You might think that the pair of off-center minds behind this bizarre microcosm — first a podcast, now a book that's out Tuesday — would belong to wild-haired outcasts who mumble to themselves on city sidewalks, casting vaguely threatening glances at wary passersby.

But no. Joseph Fink and Jeffrey Cranor are a couple of genial, apparently sane guys who will appear at the Fitzgerald Theater in St. Paul on Oct. 25 to discuss "Welcome to Night Vale" for the Talking Volumes author series, produced by the Star Tribune and Minnesota Public Radio in collaboration with the Loft Literary Center. (Click here for ticket information.)

Both were raised in sprawling suburbia. Both are blessed with fresh, nearly cherubic faces de­spite being prone to unnerving mental voyages. They just happen to be more imaginative than most of their peers. A lot more.

They've managed to concoct the nearly impossible in an era of few new ideas — an addictive fictional world that's not only truly original, but signals an interesting new direction for spinoff pop lit, one whose fiercely loyal core audience sprang up practically overnight from social media, fueled by a sense of pride in discovery.

"The Weirdtown, USA thing has been going on for a long time, so it's hard to be totally original," Cranor said. " 'Night Vale' has a sense of humor similar to the Onion. It presents mundanity in an absurd way or absurdity in a mundane way."

With central character Cecil Palmer (actor Cecil Baldwin), who relays the news of Night Vale via a biweekly radio broadcast, and guest stars in tow, Cranor and Fink have put on more than 150 live shows in 11 countries, soon to add Australia and New Zealand. They recently passed a download milestone of 100 million.

What started as a quirky way to satisfy a writing jones has become a full-time profession for both.

Suburbia to surrealism

Strolling into the French Roast cafe in Manhattan's West Village, Cranor, 40, and Fink, 29, look like they could be slightly hip accountants or Apple store managers or what they are — writers. Over coffee and toast, nothing too fancy, they reflected on their casually begun, fateful partnership and "Night Vale's" trajectory.

Cranor grew up in suburban Dallas, Fink outside of Los Angeles. An interest in the stage drew both to New York City several years ago, where they met working with an aptly named downtown theater company, the New York Neo-Futurists.

After co-writing and performing the play "What the Time Traveler Will Tell Us" in the East Village, they decided to try a podcast.

As fans of such early podcast successes as "This American Life" and "Comedy Bang! Bang!" they wanted to avoid anything that had been done, so they turned to serial fiction.

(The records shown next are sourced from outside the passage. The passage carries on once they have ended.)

(* Let $T=(\vec G,G,\prec,A)$ be a strictly simplicial twisted graph with edge set $E$. Then for every $\boldsymbol\theta\in\mathbb{R}^E$ respecting $\prec$ there is a set $B\subset\mathcal C(\prec)$ such that the system of strict linear inequalities $\widehat c\cdot\mathbf r>0$, $c\in A\cup B$, in the unknown $\mathbf r\in\mathbb{R}^E$, is a minimal insoluble system.
   Context: Signed sets on a finite set $E$: pairs $X=(X^+,X^-)$ of disjoint subsets, $X(e)=+1,-1,0$ according as $e\in X^+$, $e\in X^-$, or neither; support $\underline X=X^+\cup X^-$. Conformal: no $e$ with $X(e)=-Y(e)\ne0$; composition $(X\circ Y)(e)=X(e)$ if $X(e)\ne0$, else $Y(e)$. For a total order $<$ on $E$, $\mathcal C(<)=\{(\{e_1,e_3\},\{e_2\}),(\{e_2\},\{e_1,e_3\}):e_1<e_2<e_3\}$ (circuits of the rank 2 oriented matroid $\mathcal M(<)$; vectors are compositions of pairwise conformal families of circuits); for a partial order $\prec$, $\mathcal C(\prec)=\bigcap_{<\supseteq\prec}\mathcal C(<)$. For a directed graph $\vec G=(V,\vec E)$ (no loops, parallel or antiparallel edges), underlying simple graph $G=(V,E)$, a strong map $\mathcal M^*(\vec G)\to\mathcal M(<)$ means every signed minimal cut $(\{(u,w):u\in S,w\notin S\},\{(u,w):w\in S,u\notin S\})$ ($S$, $V\setminus S$ inducing connected subgraphs) is a vector of $\mathcal M(<)$; $C^*_v=(\{(u,v)\in\vec E\},\{(v,u)\in\vec E\})$. A twisted graph $T=(\vec G,G,\prec,A)$: $\prec$ a partial order on $E$, $G$ three-edge-connected, $A\subset\mathcal C(\prec)$, a strong map $\mathcal M^*(\vec G)\to\mathcal M(<)$ for every total $<\supseteq\prec$, and a partition $A=\bigsqcup_{v}A_v$ with members of $A_v$ pairwise conformal and composing to $C^*_v$. $\boldsymbol\theta\in\mathbb{R}^E$ respects $\prec$ if $0<\theta_e<180$ (degrees) and $\theta_e<\theta_f$ whenever $e\prec f$. For $c\in\mathcal C(\prec)$, $\widehat c\in\mathbb{R}^E$ has $\widehat c(e)=0$ for $e\notin\underline c$ and $\widehat c(e)=c(e)\sin(\theta_{e''}-\theta_{e'})$ if $\underline c=\{e,e',e''\}$ with $e'\prec e''$; $\Sigma(T)$ is the matrix with rows $\widehat a$, $a\in A$. A matrix with $r+1$ rows and $r$ columns is a simplex if its rows have a linear dependency with all coefficients positive and every row dependency is a multiple of it. $T$ is simplicial on $F$ if for every $\boldsymbol\theta$ respecting $\prec$ the submatrix of $\Sigma(T)$ on columns $F$ is a simplex; $T$ is strictly simplicial if it is simplicial on some $F$ with $E\setminus F$ totally ordered by $\prec$. A system $M\mathbf r>0$ is minimal insoluble if it has no solution but every system obtained by deleting at least one inequality has a solution. *)

From HB Require Import structures.
From mathcomp Require Import all_boot all_order all_algebra.
From mathcomp Require Import reals trigo.
Set Implicit Arguments. Unset Strict Implicit. Unset Printing Implicit Defensive.
Import Order.TTheory GRing.Theory Num.Theory.
(* Colinearity of nu moves the contraction by hs onto the coaction of
   nu(h (x) l (x) 1), where the right counit law collapses it. *)
Lemma sep_gamma_rharp h l :
  sep_gamma (rharp D h hs) l = tcontract (nu HH (tens h (tens l (1 : H)))) hs_form.
Proof.
set w := tens h (tens l (1 : H)).
have Hb : bilin (fun (x : H) (c : tensor H H) => hs x *: tcontract c (eps_form hopf)).
  apply: bilinP => [c|x]; first exact: lin_form.
  exact: lin_scale (tcontract_lin _).
have Hb' : bilin (fun (x : H) (t : dm_sort (HM HH)) =>
    hs x *: tcontract (nu HH t) (eps_form hopf)).
  apply: bilinP => [t|x]; first exact: lin_form.
  exact: lin_scale (nu_contract_lin _).
rewrite /rharp (lin_sum (sep_gamma_linl l)).
under eq_bigr do rewrite (linZ (sep_gamma_linl l)).
transitivity
  (\sum_(p <- tcoact (M := HH) w) hs p.1 *: tcontract (nu HH p.2) (eps_form hopf)).
  by rewrite (tcoact_tens hopf H_proj _ _ Hb').
rewrite -(dimor_coaction (nu_dimor HH) w Hb).
rewrite (@tcoact_sum _ _ _ _ _ hopf H_proj regular_dimod _ _ _ _ Hb (trepP _)).
rewrite trepP /contract; apply: eq_bigr => p _; rewrite /tcoact_term.
under eq_bigr do rewrite tcontract_tens /= scalerA.
rewrite -scaler_suml; congr (_ *: _).
change (\sum_(q <- D p.1) hs q.1 * eps q.2 = hs p.1).
rewrite -{2}(counitr hopf p.1) (form_sum hs_lin); apply: eq_bigr => q _.
by rewrite (formZ hs_lin) mulrC.
Qed.

Lemma sep_gamma_harp h l : sep_gamma (rharp D h hs) l = sep_gamma h (lharp D hs l).
Proof. by rewrite sep_gamma_rharp sep_gamma_lharp. Qed.

End Harpoons.

Lemma sep_gammaP : gamma_condition D eps sep_gamma.
Proof.
split; first by move=> a x y l; apply: sep_gamma_linl.
split; first by move=> h a x y; apply: sep_gamma_linr.
split; first by move=> h hs Hhs l; apply: sep_gamma_harp.
split; first exact: sep_gamma_central.
exact: sep_gamma_counit.
Qed.

End GammaFromSeparable.

Theorem corollary3p7p1 (k : comNzRingType) (H : algType k)
    (D : H -> seq (H * H)) (eps : H -> k) (S : H -> H) :
  is_hopf D eps S -> projective_module H ->
  (forgetful_separable D eps <->
   exists gamma : H -> H -> H, gamma_condition D eps gamma).
Proof.
move=> hopf H_proj; split.
  case=> P [P_dimor [P_id P_natural]].
  by exists (sep_gamma hopf H_proj P); exact: sep_gammaP.
by case=> gamma gammaP; exact: (forgetful_separable_of_gamma H_proj gammaP).
Qed.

After getting fired from a customer-service job at a credit card company, Fink wrote the "Welcome to Night Vale" pilot, released in June 2012. He set it in the desert Southwest "because if you're talking about conspiracies in the United States, that's where they live. I kind of grew up not that far away. Southern California is a desert with stolen water lightly sprinkled on it."

Then came a happy lesson in the capriciousness of online culture. The podcast began picking up fans with lots of social media followers, including actor Wil Wheaton and musician John Darnielle of the Mountain Goats. After chatter about it reached a Tumblr tipping point, downloads spiked and a star was born. In July 2013, "Night Vale" even beat out Ira Glass — Supreme Ruler of the Pods for "This American Life" — as the No. 1 podcast download from iTunes.

"We were still working our day jobs and people were talking about our home hobby like it was this big TV show," Fink said.

Podcast to prosperity

As "Night Vale's" momentum continues, "podcast to merchandise to live show to book" might become a new profit path for publishers. The built-in international online audience no doubt reserved its copies some time ago.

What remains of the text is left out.